● **WHAT NEEDS TO BE DONE**: Will you write out all the entries below exactly?

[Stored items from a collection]
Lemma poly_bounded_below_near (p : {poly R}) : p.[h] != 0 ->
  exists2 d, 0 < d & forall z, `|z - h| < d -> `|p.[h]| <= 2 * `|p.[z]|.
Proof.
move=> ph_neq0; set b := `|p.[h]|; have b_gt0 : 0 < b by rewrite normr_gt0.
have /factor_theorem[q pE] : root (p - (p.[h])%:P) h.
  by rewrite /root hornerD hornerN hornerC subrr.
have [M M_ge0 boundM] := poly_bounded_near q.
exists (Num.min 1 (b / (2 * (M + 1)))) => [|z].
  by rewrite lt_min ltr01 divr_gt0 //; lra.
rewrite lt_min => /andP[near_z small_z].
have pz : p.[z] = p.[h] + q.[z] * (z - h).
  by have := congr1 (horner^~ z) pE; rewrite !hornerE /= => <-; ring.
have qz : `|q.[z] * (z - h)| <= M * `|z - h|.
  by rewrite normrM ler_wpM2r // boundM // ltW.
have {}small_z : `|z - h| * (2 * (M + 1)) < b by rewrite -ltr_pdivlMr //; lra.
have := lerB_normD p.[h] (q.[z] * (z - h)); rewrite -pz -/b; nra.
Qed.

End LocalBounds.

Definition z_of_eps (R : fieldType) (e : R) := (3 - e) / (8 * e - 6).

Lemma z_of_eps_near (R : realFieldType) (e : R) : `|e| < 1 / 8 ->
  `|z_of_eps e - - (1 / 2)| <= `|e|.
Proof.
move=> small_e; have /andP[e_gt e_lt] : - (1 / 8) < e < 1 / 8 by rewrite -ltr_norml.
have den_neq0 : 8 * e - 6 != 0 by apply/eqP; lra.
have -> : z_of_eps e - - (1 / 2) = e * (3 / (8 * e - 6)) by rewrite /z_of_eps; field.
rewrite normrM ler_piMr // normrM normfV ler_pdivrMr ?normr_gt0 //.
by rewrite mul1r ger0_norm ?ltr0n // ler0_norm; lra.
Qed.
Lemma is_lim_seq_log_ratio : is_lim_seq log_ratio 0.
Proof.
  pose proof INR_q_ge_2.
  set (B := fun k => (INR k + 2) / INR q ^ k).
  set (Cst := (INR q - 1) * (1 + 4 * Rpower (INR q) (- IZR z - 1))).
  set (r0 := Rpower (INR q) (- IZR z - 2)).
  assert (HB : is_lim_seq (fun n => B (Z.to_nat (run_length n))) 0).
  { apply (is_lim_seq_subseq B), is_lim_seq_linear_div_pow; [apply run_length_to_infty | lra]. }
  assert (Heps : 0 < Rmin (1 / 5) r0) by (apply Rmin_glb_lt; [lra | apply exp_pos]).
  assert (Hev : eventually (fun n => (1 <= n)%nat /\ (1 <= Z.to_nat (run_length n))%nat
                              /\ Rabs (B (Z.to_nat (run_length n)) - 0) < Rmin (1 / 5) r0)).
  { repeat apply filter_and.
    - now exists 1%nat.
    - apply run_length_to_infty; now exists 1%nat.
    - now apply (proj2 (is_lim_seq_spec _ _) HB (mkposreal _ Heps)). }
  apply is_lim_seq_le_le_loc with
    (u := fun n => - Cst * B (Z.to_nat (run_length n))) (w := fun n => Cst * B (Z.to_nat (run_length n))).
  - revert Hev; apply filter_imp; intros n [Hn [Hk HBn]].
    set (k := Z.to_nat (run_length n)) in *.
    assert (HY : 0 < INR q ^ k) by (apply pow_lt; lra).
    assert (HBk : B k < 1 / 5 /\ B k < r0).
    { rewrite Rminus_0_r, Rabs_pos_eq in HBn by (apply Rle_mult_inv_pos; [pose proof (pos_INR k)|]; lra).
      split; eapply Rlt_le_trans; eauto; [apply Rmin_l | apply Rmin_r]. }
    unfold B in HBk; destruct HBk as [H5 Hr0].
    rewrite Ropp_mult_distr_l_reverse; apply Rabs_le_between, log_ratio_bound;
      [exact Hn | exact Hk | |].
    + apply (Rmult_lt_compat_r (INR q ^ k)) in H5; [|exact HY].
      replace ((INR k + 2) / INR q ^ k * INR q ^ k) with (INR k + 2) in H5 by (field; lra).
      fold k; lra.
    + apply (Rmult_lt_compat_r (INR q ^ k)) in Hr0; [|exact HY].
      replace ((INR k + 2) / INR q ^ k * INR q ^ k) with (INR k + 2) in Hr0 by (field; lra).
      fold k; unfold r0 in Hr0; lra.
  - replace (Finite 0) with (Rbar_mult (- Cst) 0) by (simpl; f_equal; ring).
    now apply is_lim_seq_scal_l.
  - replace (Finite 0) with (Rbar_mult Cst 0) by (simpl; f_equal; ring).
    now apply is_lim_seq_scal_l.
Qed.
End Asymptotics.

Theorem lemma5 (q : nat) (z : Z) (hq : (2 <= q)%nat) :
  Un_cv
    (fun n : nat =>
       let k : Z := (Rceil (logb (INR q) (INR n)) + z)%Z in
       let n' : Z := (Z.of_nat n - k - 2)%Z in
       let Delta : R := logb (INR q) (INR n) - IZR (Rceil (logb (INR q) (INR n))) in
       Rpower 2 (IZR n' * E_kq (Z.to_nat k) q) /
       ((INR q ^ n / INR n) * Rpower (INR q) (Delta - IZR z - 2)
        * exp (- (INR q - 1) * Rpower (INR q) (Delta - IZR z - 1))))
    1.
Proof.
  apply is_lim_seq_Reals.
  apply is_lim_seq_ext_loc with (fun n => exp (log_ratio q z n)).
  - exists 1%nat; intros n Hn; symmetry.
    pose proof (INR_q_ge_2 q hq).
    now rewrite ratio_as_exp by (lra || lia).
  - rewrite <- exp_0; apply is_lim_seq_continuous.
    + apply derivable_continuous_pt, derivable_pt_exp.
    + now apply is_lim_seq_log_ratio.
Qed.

● **SOLUTION TO THIS PROBLEM**:
Lemma poly_bounded_below_near (p : {poly R}) : p.[h] != 0 ->
  exists2 d, 0 < d & forall z, `|z - h| < d -> `|p.[h]| <= 2 * `|p.[z]|.
Proof.
move=> ph_neq0; set b := `|p.[h]|; have b_gt0 : 0 < b by rewrite normr_gt0.
have /factor_theorem[q pE] : root (p - (p.[h])%:P) h.
  by rewrite /root hornerD hornerN hornerC subrr.
have [M M_ge0 boundM] := poly_bounded_near q.
exists (Num.min 1 (b / (2 * (M + 1)))) => [|z].
  by rewrite lt_min ltr01 divr_gt0 //; lra.
rewrite lt_min => /andP[near_z small_z].
have pz : p.[z] = p.[h] + q.[z] * (z - h).
  by have := congr1 (horner^~ z) pE; rewrite !hornerE /= => <-; ring.
have qz : `|q.[z] * (z - h)| <= M * `|z - h|.
  by rewrite normrM ler_wpM2r // boundM // ltW.
have {}small_z : `|z - h| * (2 * (M + 1)) < b by rewrite -ltr_pdivlMr //; lra.
have := lerB_normD p.[h] (q.[z] * (z - h)); rewrite -pz -/b; nra.
Qed.

End LocalBounds.

Definition z_of_eps (R : fieldType) (e : R) := (3 - e) / (8 * e - 6).

Lemma z_of_eps_near (R : realFieldType) (e : R) : `|e| < 1 / 8 ->
  `|z_of_eps e - - (1 / 2)| <= `|e|.
Proof.
move=> small_e; have /andP[e_gt e_lt] : - (1 / 8) < e < 1 / 8 by rewrite -ltr_norml.
have den_neq0 : 8 * e - 6 != 0 by apply/eqP; lra.
have -> : z_of_eps e - - (1 / 2) = e * (3 / (8 * e - 6)) by rewrite /z_of_eps; field.
rewrite normrM ler_piMr // normrM normfV ler_pdivrMr ?normr_gt0 //.
by rewrite mul1r ger0_norm ?ltr0n // ler0_norm; lra.
Qed.
Lemma is_lim_seq_log_ratio : is_lim_seq log_ratio 0.
Proof.
  pose proof INR_q_ge_2.
  set (B := fun k => (INR k + 2) / INR q ^ k).
  set (Cst := (INR q - 1) * (1 + 4 * Rpower (INR q) (- IZR z - 1))).
  set (r0 := Rpower (INR q) (- IZR z - 2)).
  assert (HB : is_lim_seq (fun n => B (Z.to_nat (run_length n))) 0).
  { apply (is_lim_seq_subseq B), is_lim_seq_linear_div_pow; [apply run_length_to_infty | lra]. }
  assert (Heps : 0 < Rmin (1 / 5) r0) by (apply Rmin_glb_lt; [lra | apply exp_pos]).
  assert (Hev : eventually (fun n => (1 <= n)%nat /\ (1 <= Z.to_nat (run_length n))%nat
                              /\ Rabs (B (Z.to_nat (run_length n)) - 0) < Rmin (1 / 5) r0)).
  { repeat apply filter_and.
    - now exists 1%nat.
    - apply run_length_to_infty; now exists 1%nat.
    - now apply (proj2 (is_lim_seq_spec _ _) HB (mkposreal _ Heps)). }
  apply is_lim_seq_le_le_loc with
    (u := fun n => - Cst * B (Z.to_nat (run_length n))) (w := fun n => Cst * B (Z.to_nat (run_length n))).
  - revert Hev; apply filter_imp; intros n [Hn [Hk HBn]].
    set (k := Z.to_nat (run_length n)) in *.
    assert (HY : 0 < INR q ^ k) by (apply pow_lt; lra).
    assert (HBk : B k < 1 / 5 /\ B k < r0).
    { rewrite Rminus_0_r, Rabs_pos_eq in HBn by (apply Rle_mult_inv_pos; [pose proof (pos_INR k)|]; lra).
      split; eapply Rlt_le_trans; eauto; [apply Rmin_l | apply Rmin_r]. }
    unfold B in HBk; destruct HBk as [H5 Hr0].
    rewrite Ropp_mult_distr_l_reverse; apply Rabs_le_between, log_ratio_bound;
      [exact Hn | exact Hk | |].
    + apply (Rmult_lt_compat_r (INR q ^ k)) in H5; [|exact HY].
      replace ((INR k + 2) / INR q ^ k * INR q ^ k) with (INR k + 2) in H5 by (field; lra).
      fold k; lra.
    + apply (Rmult_lt_compat_r (INR q ^ k)) in Hr0; [|exact HY].
      replace ((INR k + 2) / INR q ^ k * INR q ^ k) with (INR k + 2) in Hr0 by (field; lra).
      fold k; unfold r0 in Hr0; lra.
  - replace (Finite 0) with (Rbar_mult (- Cst) 0) by (simpl; f_equal; ring).
    now apply is_lim_seq_scal_l.
  - replace (Finite 0) with (Rbar_mult Cst 0) by (simpl; f_equal; ring).
    now apply is_lim_seq_scal_l.
Qed.
End Asymptotics.

Theorem lemma5 (q : nat) (z : Z) (hq : (2 <= q)%nat) :
  Un_cv
    (fun n : nat =>
       let k : Z := (Rceil (logb (INR q) (INR n)) + z)%Z in
       let n' : Z := (Z.of_nat n - k - 2)%Z in
       let Delta : R := logb (INR q) (INR n) - IZR (Rceil (logb (INR q) (INR n))) in
       Rpower 2 (IZR n' * E_kq (Z.to_nat k) q) /
       ((INR q ^ n / INR n) * Rpower (INR q) (Delta - IZR z - 2)
        * exp (- (INR q - 1) * Rpower (INR q) (Delta - IZR z - 1))))
    1.
Proof.
  apply is_lim_seq_Reals.
  apply is_lim_seq_ext_loc with (fun n => exp (log_ratio q z n)).
  - exists 1%nat; intros n Hn; symmetry.
    pose proof (INR_q_ge_2 q hq).
    now rewrite ratio_as_exp by (lra || lia).
  - rewrite <- exp_0; apply is_lim_seq_continuous.
    + apply derivable_continuous_pt, derivable_pt_exp.
    + now apply is_lim_seq_log_ratio.
Qed.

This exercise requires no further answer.